I completely agree--XiXiDu was summarizing Massimo Pigliucci's argument, so I figured I'd summarize Eliezer's reply. The real heart of the question, then, is figuring out which one consciousness is really like. I happen to think that consciousness is closer to math than sugar because we know that intelligence is so, and it seems to me that the rest follows logically from Minsky's idea that minds are simply what brains do. That is, if consciousness is what an intelligent algorithm feels like from the inside, then it wouldn't make much sense for it to be substrate-dependent.
This morning I followed another discussion on Facebook between David Pearce and someone else about the same topic and he mentioned a quote by Stephen Hawking:
What David Pearce and others seem to be saying is that physics doesn't disclose the nature of the "fire" in the equations. For this and other reasons I am increasingly getting the impression that the disagreement all comes down to the question if the Mathematical universe hypothesis is correct, i.e. if Platonism is correct.
None of them seem to doubt that we will eventually be able to "artificially" create intelligent agents. They don't even doubt that we will be able to use different substrates. The basic disagreement seems to be that, as Constant notices in another comment, a representation is distinct from a reproduction.
People like David Pearce or Massimo Pigliucci seem to be arguing that we don't accept the crucial distinction between software and hardware.

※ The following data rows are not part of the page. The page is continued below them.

(* Let $a>0$, let $m$ be the fixed positive integer of the standing setting, let $0<h\le a$, $\gamma>0$, and $1\le k\le m$. For any $g\in\mathcal C^k[0,h]$ define $w(x):=g(x)x^{\gamma-1}$ for $0<x\le h$ and $w(0):=0$. Then $w\in\mathcal C^{k-1}[0,h]$ and \[ \|w\|_{C^{k-1}[0,h]}\le C\|g^{(k)}\|_{C[0,h]}, \] where $C$ is a positive constant depending only on $a$, $k$ and $\gamma$.
   Context: Standing setting: $0<\alpha<1$, $n$ a positive integer, $m:=\max\{j\in\{0,1,2,\dots\}:j<n\alpha\}$. $C^k[0,h]$ denotes the $k$ times continuously differentiable functions on $[0,h]$ with norm $\|v\|_{C^k[0,h]}=\max_{0\le j\le k}\max_{[0,h]}|v^{(j)}|$, and $\mathcal C^k[0,h]:=\{v\in C^k[0,h]: v^{(j)}(0)=0,\ j=0,1,\dots,k\}$. *)

From Stdlib Require Import Reals.
From Coquelicot Require Import Coquelicot.
Open Scope R_scope.

Definition Icc (h x : R) : Prop := 0 <= x <= h.

Definition is_m (alpha : R) (n m : nat) : Prop :=
  INR m < INR n * alpha /\ (forall j : nat, INR j < INR n * alpha -> (j <= m)%nat).

Definition derive_within (D : R -> Prop) (f : R -> R) (x l : R) : Prop :=
  filterlim (fun y => (f y - f x) / (y - x))
            (within (fun y => D y /\ y <> x) (locally x)) (locally l).

Definition cont_within (D : R -> Prop) (f : R -> R) (x : R) : Prop :=
  filterlim f (within D (locally x)) (locally (f x)).

Definition Ck_derivs (k : nat) (h : R) (f : R -> R) (F : nat -> R -> R) : Prop :=
  (forall x, Icc h x -> F O x = f x) /\
  (forall j, (j <= k)%nat -> forall x, Icc h x -> cont_within (Icc h) (F j) x) /\
  (forall j, (j < k)%nat -> forall x, Icc h x -> derive_within (Icc h) (F j) x (F (S j) x)).

(* membership in the space \mathcal C^k[0,h]: derivatives up to order k vanish at 0 *)
Definition calC (k : nat) (h : R) (f : R -> R) (F : nat -> R -> R) : Prop :=
  Ck_derivs k h f F /\ (forall j, (j <= k)%nat -> F j 0 = 0).

Definition Ck_norm_le (k : nat) (h : R) (F : nat -> R -> R) (M : R) : Prop :=
  forall j, (j <= k)%nat -> forall x, Icc h x -> Rabs (F j x) <= M.

Definition wfun (gamma : R) (g : R -> R) (x : R) : R :=
  if Rlt_dec 0 x then g x * Rpower x (gamma - 1) else 0.

From Stdlib Require Import Reals Lra Lia.
From Coquelicot Require Import Coquelicot.
Open Scope R_scope.

(* Since g, g', ..., g^(k) vanish at 0, iterated mean value estimates give
   |g^(i)(x)| <= |g^(k)|_oo x^(k-i).  By the product rule, for x > 0,
   w^(j)(x) = sum_(i <= j) c_(j,i) g^(i)(x) x^(gamma-1-j+i), hence
   |w^(j)(x)| <= (sum_i |c_(j,i)|) |g^(k)|_oo x^(k-1-j+gamma).  For j < k this is
   bounded on [0, a] in terms of a, k and gamma only, and since gamma > 0 it also
   forces w^(j)(x) -> 0 and, for j < k - 1, w^(j)(x)/x -> 0 as x -> 0+, which gives
   continuity and differentiability at 0 with vanishing values. *)

Lemma filterlim_within_limit1_in (D : R -> Prop) (f : R -> R) (x l : R) :
  filterlim f (within D (locally x)) (locally l) <-> limit1_in f D l x.
Proof.
  rewrite filterlim_locally; split.
  - intros H eps Heps.
    destruct (H (mkposreal eps Heps)) as [alp Halp].
    exists alp; split; [apply cond_pos|].
    intros y [Dy Hy]; exact (Halp y Hy Dy).
  - intros H eps.
    destruct (H eps (cond_pos eps)) as [alp [Halp Hf]].
    exists (mkposreal alp Halp); intros y Hy Dy; exact (Hf y (conj Dy Hy)).
Qed.

Lemma derive_within_D_in (D : R -> Prop) (f : R -> R) (x l : R) :
  derive_within D f x l <-> D_in f (fun _ => l) D x.
Proof.
  unfold derive_within, D_in, D_x; rewrite filterlim_within_limit1_in.
  split; apply limit1_imp; intros y [Dy Hy]; auto.
Qed.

For us the only difference between a mechanical device, a physical object and software is that the latter is the symbolic (formal language) representation of the former. Software is just the static description of the dynamic state sequence exhibited by an object. One can then use that software (algorithm) and some sort of computational hardware and evoke the same dynamic state sequence so that the machine (computer) mimics the relevant characteristics of the original object.
Massimo Pigliucci and others actually agree about the difference between a physical thing and its mathematical representation but they don't agree that you can represent the most important characteristic as long as you do not reproduce the physical substrate.
The position hold by those people who disagree with the Less Wrong consensus on this topic is probably best represented by the painting La trahison des images. It is a painting of a pipe. It represents a pipe but it is not a pipe, it is an image of a pipe.
Why would people concerned with artificial intelligence care about all this? That is up to the importance and nature of consciousness and to what extent general intelligence is dependent upon the the brain as a biological substrate and its properties (e.g. the chemical properties of carbon versus silicon).
(Note that I am just trying to account for the different positions here and not argue in favor of substrate-dependence.)